- _Task brief_
In the entries below, find the line with "Lemma modulus_gain_monotone (eta" and print exactly every line from there up to and including the line with "assert (Hr0 : 0", with no other lines.

- _Data in this exercise_
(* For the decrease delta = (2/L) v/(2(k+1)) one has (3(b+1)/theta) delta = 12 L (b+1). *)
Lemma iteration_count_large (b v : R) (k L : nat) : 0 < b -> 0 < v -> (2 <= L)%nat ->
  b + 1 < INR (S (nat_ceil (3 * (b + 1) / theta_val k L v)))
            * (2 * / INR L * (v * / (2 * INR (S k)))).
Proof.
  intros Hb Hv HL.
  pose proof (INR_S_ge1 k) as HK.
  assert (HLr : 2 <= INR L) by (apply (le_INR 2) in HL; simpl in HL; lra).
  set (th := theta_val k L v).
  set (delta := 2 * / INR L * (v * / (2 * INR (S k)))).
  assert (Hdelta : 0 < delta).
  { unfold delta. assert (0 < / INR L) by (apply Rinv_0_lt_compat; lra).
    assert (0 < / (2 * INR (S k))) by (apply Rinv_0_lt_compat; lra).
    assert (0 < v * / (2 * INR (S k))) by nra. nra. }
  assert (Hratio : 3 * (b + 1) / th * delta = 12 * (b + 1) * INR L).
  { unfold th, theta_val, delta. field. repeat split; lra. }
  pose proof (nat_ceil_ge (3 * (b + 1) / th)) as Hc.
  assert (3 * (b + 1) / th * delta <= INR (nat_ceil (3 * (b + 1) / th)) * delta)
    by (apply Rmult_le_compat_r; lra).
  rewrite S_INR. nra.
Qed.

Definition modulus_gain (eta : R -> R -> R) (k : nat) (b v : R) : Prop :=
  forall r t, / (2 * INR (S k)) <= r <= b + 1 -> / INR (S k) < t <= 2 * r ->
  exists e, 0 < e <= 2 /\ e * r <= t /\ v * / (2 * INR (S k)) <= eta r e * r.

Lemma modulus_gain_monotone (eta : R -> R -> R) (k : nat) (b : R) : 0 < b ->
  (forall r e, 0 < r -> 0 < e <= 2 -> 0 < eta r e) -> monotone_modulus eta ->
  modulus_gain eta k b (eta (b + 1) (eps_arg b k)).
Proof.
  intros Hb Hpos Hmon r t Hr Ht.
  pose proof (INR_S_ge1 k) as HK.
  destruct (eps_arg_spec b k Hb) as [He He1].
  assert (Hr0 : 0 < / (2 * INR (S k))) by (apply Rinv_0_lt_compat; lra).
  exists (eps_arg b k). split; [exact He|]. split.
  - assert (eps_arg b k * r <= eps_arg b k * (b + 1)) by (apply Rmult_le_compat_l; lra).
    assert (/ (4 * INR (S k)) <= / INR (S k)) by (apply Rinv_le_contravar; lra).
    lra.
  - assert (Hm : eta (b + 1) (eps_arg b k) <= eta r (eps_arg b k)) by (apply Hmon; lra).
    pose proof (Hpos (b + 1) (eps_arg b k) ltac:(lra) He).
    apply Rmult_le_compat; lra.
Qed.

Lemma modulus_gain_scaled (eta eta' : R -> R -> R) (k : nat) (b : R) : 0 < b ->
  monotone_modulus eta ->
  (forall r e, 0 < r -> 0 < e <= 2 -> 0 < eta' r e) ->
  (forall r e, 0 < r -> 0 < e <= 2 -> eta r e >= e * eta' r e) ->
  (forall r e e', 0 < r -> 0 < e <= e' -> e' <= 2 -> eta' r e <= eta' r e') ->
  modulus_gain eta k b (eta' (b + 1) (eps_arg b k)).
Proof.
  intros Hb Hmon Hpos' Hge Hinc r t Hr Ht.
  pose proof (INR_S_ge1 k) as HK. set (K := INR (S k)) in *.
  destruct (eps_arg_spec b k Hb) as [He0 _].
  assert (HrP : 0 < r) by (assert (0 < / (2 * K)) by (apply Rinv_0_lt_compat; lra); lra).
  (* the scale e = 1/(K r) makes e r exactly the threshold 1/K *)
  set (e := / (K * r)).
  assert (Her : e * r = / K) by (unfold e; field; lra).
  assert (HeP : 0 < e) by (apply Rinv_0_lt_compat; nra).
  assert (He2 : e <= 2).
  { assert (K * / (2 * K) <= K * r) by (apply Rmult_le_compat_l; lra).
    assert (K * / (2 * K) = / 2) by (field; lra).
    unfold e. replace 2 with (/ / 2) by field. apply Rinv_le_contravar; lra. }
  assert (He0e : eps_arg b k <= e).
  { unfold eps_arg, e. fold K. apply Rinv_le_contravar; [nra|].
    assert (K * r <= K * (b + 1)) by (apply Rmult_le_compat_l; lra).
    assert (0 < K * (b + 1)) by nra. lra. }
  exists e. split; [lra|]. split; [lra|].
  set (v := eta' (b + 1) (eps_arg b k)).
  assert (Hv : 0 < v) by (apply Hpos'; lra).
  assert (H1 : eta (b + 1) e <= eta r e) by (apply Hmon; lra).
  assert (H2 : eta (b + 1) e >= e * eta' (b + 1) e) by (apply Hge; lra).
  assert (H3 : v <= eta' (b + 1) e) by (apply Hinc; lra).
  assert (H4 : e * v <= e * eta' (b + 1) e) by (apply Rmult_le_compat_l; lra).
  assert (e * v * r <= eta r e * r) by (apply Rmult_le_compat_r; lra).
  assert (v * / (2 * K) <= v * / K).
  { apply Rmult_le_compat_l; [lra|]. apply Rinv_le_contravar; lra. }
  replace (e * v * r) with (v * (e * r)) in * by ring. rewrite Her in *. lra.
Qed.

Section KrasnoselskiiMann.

- _Exercise solution_
Lemma modulus_gain_monotone (eta : R -> R -> R) (k : nat) (b : R) : 0 < b ->
  (forall r e, 0 < r -> 0 < e <= 2 -> 0 < eta r e) -> monotone_modulus eta ->
  modulus_gain eta k b (eta (b + 1) (eps_arg b k)).
Proof.
  intros Hb Hpos Hmon r t Hr Ht.
  pose proof (INR_S_ge1 k) as HK.
  destruct (eps_arg_spec b k Hb) as [He He1].
  assert (Hr0 : 0 < / (2 * INR (S k))) by (apply Rinv_0_lt_compat; lra).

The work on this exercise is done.